*** Records for the task Section Begins ***

Lemma csa_P2_guarantees :
  let c := fun k => g (x k) (delta k) in
  let a := fun k => if Rle_dec (c k) (eta k) then mu_f * gamma k / L
                    else mu_g * gamma k / L in
  let rho := fun k => gamma k / Aseq a k in
  let xbar : vec := fun i => sumB N c eta (fun k => rho k * x k i) / sumB N c eta rho in
  let eps := fun k => G (x k) - g (x k) (delta k) in
  let K := Rmax mu_f mu_g * Rmax (Lf ^ 2 / mu_f ^ 2) (LgX ^ 2 / mu_g ^ 2) in
  (exists k, (1 <= k <= N)%nat /\ c k <= eta k) /\
  f xbar - f u <= 8 * L / (INR N + 1) * K /\
  G xbar <= 8 * L / INR N * K
            + sumB N c eta (fun k => INR k * eps k) / sumB N c eta (fun k => INR k).
Proof.
  intros c a weights xbar eps K.
  replace xbar with xavg by (symmetry; exact rho_average_eq).
  exact (conj (proj1 budget) (conj objective_bound constraint_bound)).
Qed.

End CSA_policy_P2.

Theorem mainTheorem2
  (n d : nat) (X Delta : vec -> Prop)
  (f : vec -> R) (g : vec -> vec -> R) (G : vec -> R)
  (Lf LgX LgD mu_f mu_g L : R)
  (w : vec -> R) (gw : vec -> vec)
  (xstar : vec)
  (N : nat) (x delta h : nat -> vec) (eta gamma : nat -> R)
  (* Setting *)
  (HX : convex_set n X) (HXc : seq_compact n X)
  (HD : seq_compact d Delta)
  (HLf : 0 <= Lf) (HLgX : 0 <= LgX) (HLgD : 0 <= LgD)
  (Hfconv : convex_on n X f) (Hflip : lipschitz_on n X f Lf)
  (Hgconv : forall dl, Delta dl -> convex_on n X (fun y => g y dl))
  (HglipX : forall dl, Delta dl -> lipschitz_on n X (fun y => g y dl) LgX)
  (HglipD : forall y, X y -> lipschitz_on d Delta (fun dl => g y dl) LgD)
  (HG : forall y, X y -> is_max_over Delta (fun dl => g y dl) (G y))
  (Hxstar : X xstar /\ G xstar <= 0 /\ forall y, X y -> G y <= 0 -> f xstar <= f y)
  (Hw : C1_on n X w gw) (Hwsc : one_strongly_convex n X w gw)
  (* Strong convexity assumption *)
  (Hmuf : 0 < mu_f) (Hmug : 0 < mu_g) (HL : 0 < L)
  (Hfsc : strongly_convex_on n X f mu_f)
  (Hgsc : forall dl, Delta dl -> strongly_convex_on n X (fun y => g y dl) mu_g)
  (HVL : forall y z, X y -> X z -> bregV n w gw y z <= L / 2 * (vnorm n (vsub y z)) ^ 2)
  (* Algorithm (inexact CSA) with policy (P2), s = 1 *)
  (HN : (1 <= N)%nat)
  (Hx1 : X (x 1%nat))
  (Heta : forall k, (1 <= k <= N)%nat ->
     eta k = 8 * L / INR N * (Rmax mu_f mu_g * Rmax (Lf ^ 2 / mu_f ^ 2) (LgX ^ 2 / mu_g ^ 2)))
  (Hdelta : forall k, (1 <= k <= N)%nat -> Delta (delta k))
  (Hstep_f : forall k, (1 <= k <= N)%nat -> g (x k) (delta k) <= eta k ->
     subgrad n X f (x k) (h k) /\ vnorm n (h k) <= Lf /\
     gamma k = 2 * L / (mu_f * (INR k + 1)))
  (Hstep_g : forall k, (1 <= k <= N)%nat -> ~ (g (x k) (delta k) <= eta k) ->
     subgrad n X (fun y => g y (delta k)) (x k) (h k) /\ vnorm n (h k) <= LgX /\
     gamma k = 2 * L / (mu_g * (INR k + 1)))
  (Hprox : forall k, (1 <= k <= N)%nat ->
     is_prox n X w gw (x k) (fun i => gamma k * h k i) (x (S k))) :
  let c := fun k => g (x k) (delta k) in
  let a := fun k => if Rle_dec (c k) (eta k) then mu_f * gamma k / L
                    else mu_g * gamma k / L in
  let rho := fun k => gamma k / Aseq a k in
  let xbar : vec := fun i => sumB N c eta (fun k => rho k * x k i) / sumB N c eta rho in
  let eps := fun k => G (x k) - g (x k) (delta k) in
  let K := Rmax mu_f mu_g * Rmax (Lf ^ 2 / mu_f ^ 2) (LgX ^ 2 / mu_g ^ 2) in
  (exists k, (1 <= k <= N)%nat /\ c k <= eta k) /\
  f xbar - f xstar <= 8 * L / (INR N + 1) * K /\
  G xbar <= 8 * L / INR N * K
            + sumB N c eta (fun k => INR k * eps k) / sumB N c eta (fun k => INR k).
Proof.
  (* only feasibility of xstar is needed: the bounds hold relative to any feasible point *)
  destruct Hxstar as [Hxs [HGxs _]].
  apply (csa_P2_guarantees n X Delta f g G Lf LgX mu_f mu_g L w gw xstar N x delta h eta gamma);
    assumption.
Qed.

*** Records for the task Section Ends ***

### What is required:
Print only these lines, please. They run from the start of the entries above to the line containing "replace xbar with", both ends included, and must match exactly.

### Finished task:
Lemma csa_P2_guarantees :
  let c := fun k => g (x k) (delta k) in
  let a := fun k => if Rle_dec (c k) (eta k) then mu_f * gamma k / L
                    else mu_g * gamma k / L in
  let rho := fun k => gamma k / Aseq a k in
  let xbar : vec := fun i => sumB N c eta (fun k => rho k * x k i) / sumB N c eta rho in
  let eps := fun k => G (x k) - g (x k) (delta k) in
  let K := Rmax mu_f mu_g * Rmax (Lf ^ 2 / mu_f ^ 2) (LgX ^ 2 / mu_g ^ 2) in
  (exists k, (1 <= k <= N)%nat /\ c k <= eta k) /\
  f xbar - f u <= 8 * L / (INR N + 1) * K /\
  G xbar <= 8 * L / INR N * K
            + sumB N c eta (fun k => INR k * eps k) / sumB N c eta (fun k => INR k).
Proof.
  intros c a weights xbar eps K.
  replace xbar with xavg by (symmetry; exact rho_average_eq).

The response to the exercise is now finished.